**Data for this task:**

Lemma lform_lsum4 (u : nat -> lvec) v :
  lform (lsum4 u) v = lform (u 0%nat) v + lform (u 1%nat) v + lform (u 2%nat) v + lform (u 3%nat) v.
Proof. unfold lsum4; autorewrite with lform; ring. Qed.

Lemma lsum4_timelike (u : nat -> lvec) :
  (forall i, (i < 4)%nat -> lform (u i) (u i) = 1) ->
  (forall i k, (i < 4)%nat -> (k < 4)%nat -> i <> k -> lform (u i) (u k) <= -1) ->
  lform (lsum4 u) (lsum4 u) < 0.
Proof.
intros Hn Hs.
rewrite lform_lsum4, !(lform_sym _ (lsum4 u)), !lform_lsum4.
rewrite !Hn by lia.
pose proof (Hs 0%nat 1%nat ltac:(lia) ltac:(lia) ltac:(lia)); pose proof (Hs 0%nat 2%nat ltac:(lia) ltac:(lia) ltac:(lia));
pose proof (Hs 0%nat 3%nat ltac:(lia) ltac:(lia) ltac:(lia)); pose proof (Hs 1%nat 2%nat ltac:(lia) ltac:(lia) ltac:(lia));
pose proof (Hs 1%nat 3%nat ltac:(lia) ltac:(lia) ltac:(lia)); pose proof (Hs 2%nat 3%nat ltac:(lia) ltac:(lia) ltac:(lia)).
rewrite (lform_sym (u 1%nat) (u 0%nat)), (lform_sym (u 2%nat) (u 0%nat)), (lform_sym (u 3%nat) (u 0%nat)),
  (lform_sym (u 2%nat) (u 1%nat)), (lform_sym (u 3%nat) (u 1%nat)), (lform_sym (u 3%nat) (u 2%nat)).
lra.
Qed.

(* Dimension count in R^{4,1}.  The vectors s1, s2, s3 and the timelike wA all
   lie in the 3-space orthogonal to the Euclidean plane spanned by t1, t2, so
   they are dependent; wA cannot take part in the dependence, since s1, s2, s3
   lie in the Euclidean space orthogonal to the timelike wB. *)
Lemma three_dependent (s1 s2 s3 t1 t2 wA wB : lvec) :
  lform wA wA < 0 -> lform wB wB < 0 ->
  lform s1 wB = 0 -> lform s2 wB = 0 -> lform s3 wB = 0 ->
  lform s1 t1 = 0 -> lform s1 t2 = 0 -> lform s2 t1 = 0 -> lform s2 t2 = 0 ->
  lform s3 t1 = 0 -> lform s3 t2 = 0 -> lform wA t1 = 0 -> lform wA t2 = 0 ->
  0 < gram2 t1 t2 ->
  exists g0 g1 g2, (g0 <> 0 \/ g1 <> 0 \/ g2 <> 0) /\
    ladd (ladd (lscal g0 s1) (lscal g1 s2)) (lscal g2 s3) = lzero.
Proof.
intros HA HB H1 H2 H3 H11 H12 H21 H22 H31 H32 Hw1 Hw2 Ht.
destruct (lvec_six_dependent s1 s2 s3 t1 t2 wA) as (g0 & g1 & g2 & g3 & g4 & g5 & Hnz & Hrel).
(* testing the relation against t1 and t2 kills the t-coefficients *)
pose proof (Hrel t1) as R1; pose proof (Hrel t2) as R2.
rewrite H11, H21, H31, Hw1, (lform_sym t2 t1) in R1; rewrite H12, H22, H32, Hw2 in R2.
unfold gram2 in Ht.
destruct (sym2_kernel_trivial (lform t1 t1) (lform t1 t2) (lform t2 t2) g3 g4) as [G3 G4];
  [exact Ht | lra | lra |].
subst g3 g4.
set (y := ladd (ladd (lscal g0 s1) (lscal g1 s2)) (lscal g2 s3)).
assert (Hy : forall u, lform y u = - g5 * lform wA u)
  by (intro u; unfold y; autorewrite with lform; pose proof (Hrel u); lra).
(* y is orthogonal to wB, so lform y y >= 0, while lform y y = g5^2 lform wA wA *)
assert (HyB : lform y wB = 0) by (unfold y; autorewrite with lform; rewrite H1, H2, H3; ring).
destruct (timelike_perp_pos wB y HB HyB) as [Hyy _].
assert (Eyy : lform y y = g5 * g5 * lform wA wA) by (rewrite Hy, lform_sym, Hy; ring).
assert (G5 : g5 = 0).
{ destruct (Req_dec g5 0) as [e|ne]; [exact e|exfalso].
  pose proof (Rsqr_pos_lt g5 ne); unfold Rsqr in *; nra. }
subst g5.
exists g0, g1, g2; split.
- destruct Hnz as [h|[h|[h|[h|[h|h]]]]]; tauto || lra.
- apply lform_nondegenerate; intro u; rewrite Hy; ring.
Qed.

Lemma in_plane_of_dependence (s1 s2 s3 : lvec) g0 g1 g2 :
  0 < gram2 s1 s2 -> (g0 <> 0 \/ g1 <> 0 \/ g2 <> 0) ->
  ladd (ladd (lscal g0 s1) (lscal g1 s2)) (lscal g2 s3) = lzero ->
  exists m n, s3 = ladd (lscal m s1) (lscal n s2).
Proof.
intros Hg Hnz Hdep.
destruct (Req_dec g2 0) as [G2|G2].
- exfalso; subst g2.
  assert (R1 : lform (ladd (ladd (lscal g0 s1) (lscal g1 s2)) (lscal 0 s3)) s1 = 0)
    by (rewrite Hdep; apply lform_zerol).
  assert (R2 : lform (ladd (ladd (lscal g0 s1) (lscal g1 s2)) (lscal 0 s3)) s2 = 0)
    by (rewrite Hdep; apply lform_zerol).
  autorewrite with lform in R1, R2; rewrite (lform_sym s2 s1) in R1.
  destruct (sym2_kernel_trivial (lform s1 s1) (lform s1 s2) (lform s2 s2) g0 g1);
    [exact Hg | lra | lra | tauto].
-
  assert (solve : forall x y z, g0*x + g1*y + g2*z = 0 -> z = - g0 / g2 * x + - g1 / g2 * y).
  { intros x y z h.
    replace z with ((g0*x + g1*y + g2*z - g0*x - g1*y) / g2) by (field; exact G2).
    rewrite h; field; exact G2. }
  exists (- g0 / g2), (- g1 / g2).
  apply lvec_ext; simpl; apply solve;
    [ apply (f_equal lv1) in Hdep | apply (f_equal lv2) in Hdep | apply (f_equal lv3) in Hdep
    | apply (f_equal lv4) in Hdep | apply (f_equal lv5) in Hdep ]; exact Hdep.
Qed.

Lemma plane_foot (a0 s1 s2 : lvec) :
  0 < gram2 s1 s2 ->
  exists al be, lform (ladd a0 (ladd (lscal al s1) (lscal be s2))) s1 = 0 /\
                lform (ladd a0 (ladd (lscal al s1) (lscal be s2))) s2 = 0.
Proof.
unfold gram2; intro Hg.
set (A := lform s1 s1) in *; set (B := lform s1 s2) in *; set (C := lform s2 s2) in *.
exists ((B * lform a0 s2 - C * lform a0 s1) / (A*C - B*B)),
       ((B * lform a0 s1 - A * lform a0 s2) / (A*C - B*B)).
split; autorewrite with lform; rewrite ?(lform_sym s2 s1); fold A B C; field; lra.
Qed.

Lemma plane_gram (f s1 s2 : lvec) p q p' q' :
  lform f s1 = 0 -> lform f s2 = 0 ->
  lform (ladd f (ladd (lscal p s1) (lscal q s2))) (ladd f (ladd (lscal p' s1) (lscal q' s2)))
  = lform f f + qform (lform s1 s1) (lform s1 s2) (lform s2 s2) p q p' q'.
Proof.
intros H1 H2; autorewrite with lform.
rewrite (lform_sym s1 f), (lform_sym s2 f), (lform_sym s2 s1), H1, H2; unfold qform; ring.
Qed.

(* Four unit vectors a_0..a_3 and four unit vectors b_0..b_3, pairwise at
   products <= -1 within each family and at product exactly -1 across: the
   configuration of the Gram vectors of a packing of G4 * G4'. *)
Section FourAndFour.
Variables a b : nat -> lvec.
Hypothesis a_unit : forall i, (i < 4)%nat -> lform (a i) (a i) = 1.
Hypothesis b_unit : forall j, (j < 4)%nat -> lform (b j) (b j) = 1.
Hypothesis ab_tangent : forall i j, (i < 4)%nat -> (j < 4)%nat -> lform (a i) (b j) = -1.
Hypothesis a_apart : forall i k, (i < 4)%nat -> (k < 4)%nat -> i <> k -> lform (a i) (a k) <= -1.
Hypothesis b_apart : forall j l, (j < 4)%nat -> (l < 4)%nat -> j <> l -> lform (b j) (b l) <= -1.

Lemma four_in_plane :
  let s1 := lsub (a 1%nat) (a 0%nat) in let s2 := lsub (a 2%nat) (a 0%nat) in
  0 < gram2 s1 s2 /\ exists m n, a 3%nat = ladd (a 0%nat) (ladd (lscal m s1) (lscal n s2)).
Proof.
intros s1 s2.
set (wA := lsum4 a); set (wB := lsum4 b).
assert (HwA : lform wA wA < 0) by exact (lsum4_timelike a a_unit a_apart).
assert (HwB : lform wB wB < 0) by exact (lsum4_timelike b b_unit b_apart).
assert (HaB : forall i, (i < 4)%nat -> lform (a i) wB = -4).
{ intros i hi; unfold wB; rewrite (lform_sym _ (lsum4 b)), lform_lsum4, !(lform_sym (b _)), !ab_tangent by lia; ring. }
assert (HbA : forall j, (j < 4)%nat -> lform (b j) wA = -4).
{ intros j hj; unfold wA; rewrite (lform_sym _ (lsum4 a)), lform_lsum4, !ab_tangent by lia; ring. }
set (s3 := lsub (a 3%nat) (a 0%nat)).
set (t1 := lsub (b 1%nat) (b 0%nat)); set (t2 := lsub (b 2%nat) (b 0%nat)).
assert (Hs : forall k, (k < 4)%nat -> lform (lsub (a k) (a 0%nat)) wB = 0)
  by (intros k hk; autorewrite with lform; rewrite !HaB by lia; ring).
assert (Ht : forall k, (k < 4)%nat -> lform wA (lsub (b k) (b 0%nat)) = 0)
  by (intros k hk; autorewrite with lform; rewrite !(lform_sym wA), !HbA by lia; ring).
assert (Hst : forall k j, (k < 4)%nat -> (j < 4)%nat -> lform (lsub (a k) (a 0%nat)) (lsub (b j) (b 0%nat)) = 0)
  by (intros k j hk hj; autorewrite with lform; rewrite !ab_tangent by lia; ring).
assert (Hgs : 0 < gram2 s1 s2).
{ apply (edge_gram_pos wB); try assumption; try (apply a_unit || apply a_apart); try lia;
    rewrite !HaB by lia; reflexivity. }
assert (Hgt : 0 < gram2 t1 t2).
{ apply (edge_gram_pos wA); try assumption; try (apply b_unit || apply b_apart); try lia;
    rewrite !HbA by lia; reflexivity. }
split; [exact Hgs|].
destruct (three_dependent s1 s2 s3 t1 t2 wA wB) as (g0 & g1 & g2 & Hnz & Hdep);
  try (apply Hs || apply Hst || apply Ht); try lia; try assumption.
destruct (in_plane_of_dependence s1 s2 s3 g0 g1 g2 Hgs Hnz Hdep) as (m & n & Hmn).
exists m, n; rewrite <- Hmn; unfold s3; apply lvec_ext; simpl; ring.
Qed.

(* The centre f of the a-configuration: the point of the plane of the a_i
   orthogonal to that plane. *)
Lemma center :
  exists f, (forall v, (forall i, (i < 4)%nat -> lform v (a i) = -1) -> lform f v = -1) /\
    lform f f <= -1 /\
    (lform f f = -1 ->
     matching_pattern (fun x => x < -1) (fun x => x = -1) (fun i k => lform (a i) (a k))).
Proof.
destruct four_in_plane as [Hg (m & n & Ha3)].
set (s1 := lsub (a 1%nat) (a 0%nat)) in *; set (s2 := lsub (a 2%nat) (a 0%nat)) in *.
destruct (plane_foot (a 0%nat) s1 s2 Hg) as (al & be & Hf1 & Hf2).
set (f := ladd (a 0%nat) (ladd (lscal al s1) (lscal be s2))) in *.
exists f.
(* plane coordinates of the a_i relative to the origin f *)
set (P i := match i with 0%nat => - al | 1%nat => 1 - al | 2%nat => - al | _ => m - al end).
set (Q i := match i with 0%nat => - be | 1%nat => - be | 2%nat => 1 - be | _ => n - be end).
assert (Hcoord : forall i, (i < 4)%nat -> a i = ladd f (ladd (lscal (P i) s1) (lscal (Q i) s2))).
{ intros i hi; destruct i as [|[|[|[|i]]]]; try lia; try rewrite Ha3;
    unfold f, s1, s2, P, Q; apply lvec_ext; simpl; ring. }
set (A := lform s1 s1); set (B := lform s1 s2); set (C := lform s2 s2).
set (kap := lform f f).
assert (Hgram : forall i k, (i < 4)%nat -> (k < 4)%nat ->
          lform (a i) (a k) = kap + qform A B C (P i) (Q i) (P k) (Q k)).
{ intros i k hi hk; rewrite (Hcoord i hi), (Hcoord k hk); apply plane_gram; assumption. }
assert (HA : 0 < A).
{ pose proof (a_unit 0%nat ltac:(lia)); pose proof (a_unit 1%nat ltac:(lia)).
  pose proof (a_apart 0%nat 1%nat ltac:(lia) ltac:(lia) ltac:(lia)).
  unfold A, s1; autorewrite with lform; rewrite (lform_sym (a 1%nat) (a 0%nat)); lra. }
assert (HD : 0 < A*C - B*B) by exact Hg.
split; [|split].
- (* f is an affine combination of a_0, a_1, a_2 *)
  intros v Hv; unfold f, s1, s2; autorewrite with lform.
  rewrite !(lform_sym _ v), !Hv by lia; ring.
- (* otherwise the four a_i - f would be pairwise obtuse in a Euclidean plane *)
  apply Rnot_lt_le; intro Hk.
  apply (no_four_pairwise_obtuse A B C HA HD P Q).
  intros i k hi hk hik.
  pose proof (Hgram i k hi hk); pose proof (a_apart i k hi hk hik).
  fold kap in Hk; lra.
- (* the a_i - f have length 2 and are pairwise non-acute *)
  intro Hk; fold kap in Hk.
  apply (matching_pattern_map (fun x => x = -2) (fun x => x = 0)
           _ _ (fun i k => qform A B C (P i) (Q i) (P k) (Q k))).
  + intros i k hi hk; rewrite (Hgram i k hi hk); split; intro; lra.
  + apply (orthogonal_cross A B C HA HD 2); [lra| |].
    * intros i hi; pose proof (Hgram i i hi hi); pose proof (a_unit i hi); lra.
    * intros i k hi hk hik; pose proof (Hgram i k hi hk); pose proof (a_apart i k hi hk hik); lra.
Qed.

End FourAndFour.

**Required work:** Your answer should be the lines of the listing above between the line holding "lform (a i) (a k) = kap" and the line holding "pose proof (a_apart 0%nat", inclusive, restated word for word and alone.

**Response box:**
          lform (a i) (a k) = kap + qform A B C (P i) (Q i) (P k) (Q k)).
{ intros i k hi hk; rewrite (Hcoord i hi), (Hcoord k hk); apply plane_gram; assumption. }
assert (HA : 0 < A).
{ pose proof (a_unit 0%nat ltac:(lia)); pose proof (a_unit 1%nat ltac:(lia)).
  pose proof (a_apart 0%nat 1%nat ltac:(lia) ltac:(lia) ltac:(lia)).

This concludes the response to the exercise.